The Nima Sand Museum on the coast of Japan’s main island of Honshu contains the world’s largest sandglass. Six meters in height, it is ceremonially turned at midnight on December 31st every year - and takes until exactly a year later for all the sand to fall. If, instead of December 31st, the giant sandglass had been turned on November 11th, 2008, when the first post on Through the Sandglass was published, the last grains would be trickling through today. I find it difficult to believe that this rather eclectic blog has been on the go for a year; I started it initially at the suggestion of my publishers as a follow-up to the book, but it has taken on a life of its own. There remain endless topics deposited on the cutting room floor after the book was edited that I still haven’t got round to covering - there just seem to be too many other things of interest (to me, at least) cropping up on a daily basis.

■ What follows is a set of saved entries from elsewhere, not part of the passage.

(* Let $N\ge 1$, let $f:Z[1,N]\times\mathbb{R}\to\mathbb{R}$ be continuous in its second variable for every $k\in Z[1,N]$, and let $p:Z[1,N+2]\to\mathbb{R}$, $q:Z[1,N+1]\to\mathbb{R}$. Assume that (1) there exists $m>0$ such that $s f(k,s)\ge 0$ for all $|s|\ge m$ and $k\in Z[1,N]$; (2) $\eta'(p)\,p_{\min}-\eta(q)\,q_{\max}>0$; that $s\mapsto f(k,s)$ is non-decreasing for every $k\in Z[1,N]$, and that $p_{\min}\eta'(p)>q_{\max}\eta(q)$. Then the boundary value problem $$\Delta^2\big(p(k)\Delta^2 y(k-2)\big)+\Delta\big(q(k)\Delta y(k-1)\big)+f(k,y(k))=0\ \ (k\in Z[1,N]),\qquad y(-1)=y(0)=y(N+1)=y(N+2)=0$$ has exactly one solution.
   Context: $Z[a,b]=[a,b]\cap\mathbb{Z}$; $\Delta x(k)=x(k+1)-x(k)$, $\Delta^2=\Delta\circ\Delta$; $\Delta^2(p(k)\Delta^2y(k-2))$ means $\Delta^2$ applied to $k\mapsto p(k)\Delta^2 y(k-2)$, similarly for $\Delta(q(k)\Delta y(k-1))$. A solution is a function $y:Z[-1,N+2]\to\mathbb{R}$ satisfying the equation and boundary conditions. $p_{\min}=\min_{Z[1,N+2]}p$, $q_{\max}=\max_{Z[1,N+1]}q$. Let $E=\{y:Z[-1,N+2]\to\mathbb{R}\mid y(-1)=y(0)=y(N+1)=y(N+2)=0\}$ and $\tilde y=(y(1),\dots,y(N))^T$; let $V$ be the $(N+1)\times N$ matrix with $V\tilde y=(\Delta y(0),\dots,\Delta y(N))^T$ and $W$ the $(N+2)\times N$ matrix with $W\tilde y=(\Delta^2y(-1),\dots,\Delta^2y(N))^T$ for $y\in E$; $\lambda_1$, $\lambda_2$ are the smallest eigenvalues of $V^TV$ and $W^TW$. Define $\eta'(p)=\lambda_2$ if $p_{\min}\ge 0$ and $\eta'(p)=16$ if $p_{\min}<0$; $\eta(q)=\lambda_1$ if $q_{\max}<0$ and $\eta(q)=4$ if $q_{\max}\ge 0$. *)

From HB Require Import structures.
From mathcomp Require Import all_boot all_order all_algebra.
From mathcomp Require Import all_classical all_reals topology normedtype.
Set Implicit Arguments. Unset Strict Implicit. Unset Printing Implicit Defensive.
Import Order.TTheory GRing.Theory Num.Theory.
Import numFieldNormedType.Exports.
Local Open Scope ring_scope.

Section Defs.
Variable R : realType.

Definition fdiff (x : int -> R) : int -> R := fun k => x (k + 1) - x k.

Definition pmin (N : nat) (p : int -> R) : R :=
  \big[Num.min/p 1]_(i < N.+2) p (i.+1)%:Z.
Definition qmax (N : nat) (q : int -> R) : R :=
  \big[Num.max/q 1]_(i < N.+1) q (i.+1)%:Z.

(* V : (N+1) x N with V ytilde = (Delta y(0), ..., Delta y(N)) for y in E,
   where ytilde_i = y(i+1) (i < N). *)
Definition Vmx (N : nat) : 'M[R]_(N.+1, N) :=
  \matrix_(j < N.+1, i < N) ((j == i :> nat)%:R - (j == i.+1 :> nat)%:R).

(* W : (N+2) x N with W ytilde = (Delta^2 y(-1), ..., Delta^2 y(N)) for y in E. *)
Definition Wmx (N : nat) : 'M[R]_(N.+2, N) :=
  \matrix_(j < N.+2, i < N)
    ((j == i :> nat)%:R - 2 * (j == i.+1 :> nat)%:R + (j == i.+2 :> nat)%:R).

Definition smallest_eigenvalue (n : nat) (A : 'M[R]_n) (l : R) : Prop :=
  eigenvalue A l /\ forall a, eigenvalue A a -> l <= a.

Definition etap (N : nat) (lam2 : R) (p : int -> R) : R :=
  if 0 <= pmin N p then lam2 else 16.
Definition etaq (N : nat) (lam1 : R) (q : int -> R) : R :=
  if qmax N q < 0 then lam1 else 4.

(* y : Z -> R is a solution of the BVP (only its values on Z[-1,N+2] matter) *)
Definition is_solution (N : nat) (p q : int -> R) (f : int -> R -> R)
    (y : int -> R) : Prop :=
  (forall k : int, 1 <= k <= N%:Z ->
     fdiff (fdiff (fun j => p j * fdiff (fdiff y) (j - 2))) k
     + fdiff (fun j => q j * fdiff y (j - 1)) k + f k (y k) = 0)
  /\ y (-1) = 0 /\ y 0 = 0 /\ y (N.+1)%:Z = 0 /\ y (N.+2)%:Z = 0.

End Defs.

From HB Require Import structures.
From mathcomp Require Import all_boot all_order all_algebra.
From mathcomp Require Import all_classical all_reals all_analysis.
From mathcomp Require Import ring lra zify.
Set Implicit Arguments. Unset Strict Implicit. Unset Printing Implicit Defensive.
Import Order.TTheory GRing.Theory Num.Theory.
Import numFieldNormedType.Exports.
Local Open Scope classical_set_scope.
Local Open Scope ring_scope.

So, more than 120 posts later and after visits from people in 105 countries, I’m quietly celebrating my first year of blogging (“quietly” meaning a particularly good bottle of red wine, nothing more exuberant). It has been great fun and has given me the great pleasure of putting me in touch with all kinds of delightful people around the world - something that otherwise would never have happened.
So I want to sincerely thank everyone who reads this blog, whether routinely or just occasionally.
And please keep the comments, suggestions, links and references coming - they’re much appreciated.
Meanwhile, I’ll leave you with this: I sometimes fear that my obsession distorts the true frequency of mentions of my topic - but then I watched the news last week and, in one broadcast, were the images below (from the recent G20 finance meeting in St. Andrews, Scotland) and a description of yet another line being drawn in the sand. Put that phrase into google news search and there are 500 instances of its use in the last week. I rest my case.
P.S. it seems that almost all the images on the blog have spontaneously and unilaterally decided to de-centre and left-justify themselves, detracting from the appearance - I have no idea why and am seeking the help of the experts at Typepad. Any suggestions will be most welcome.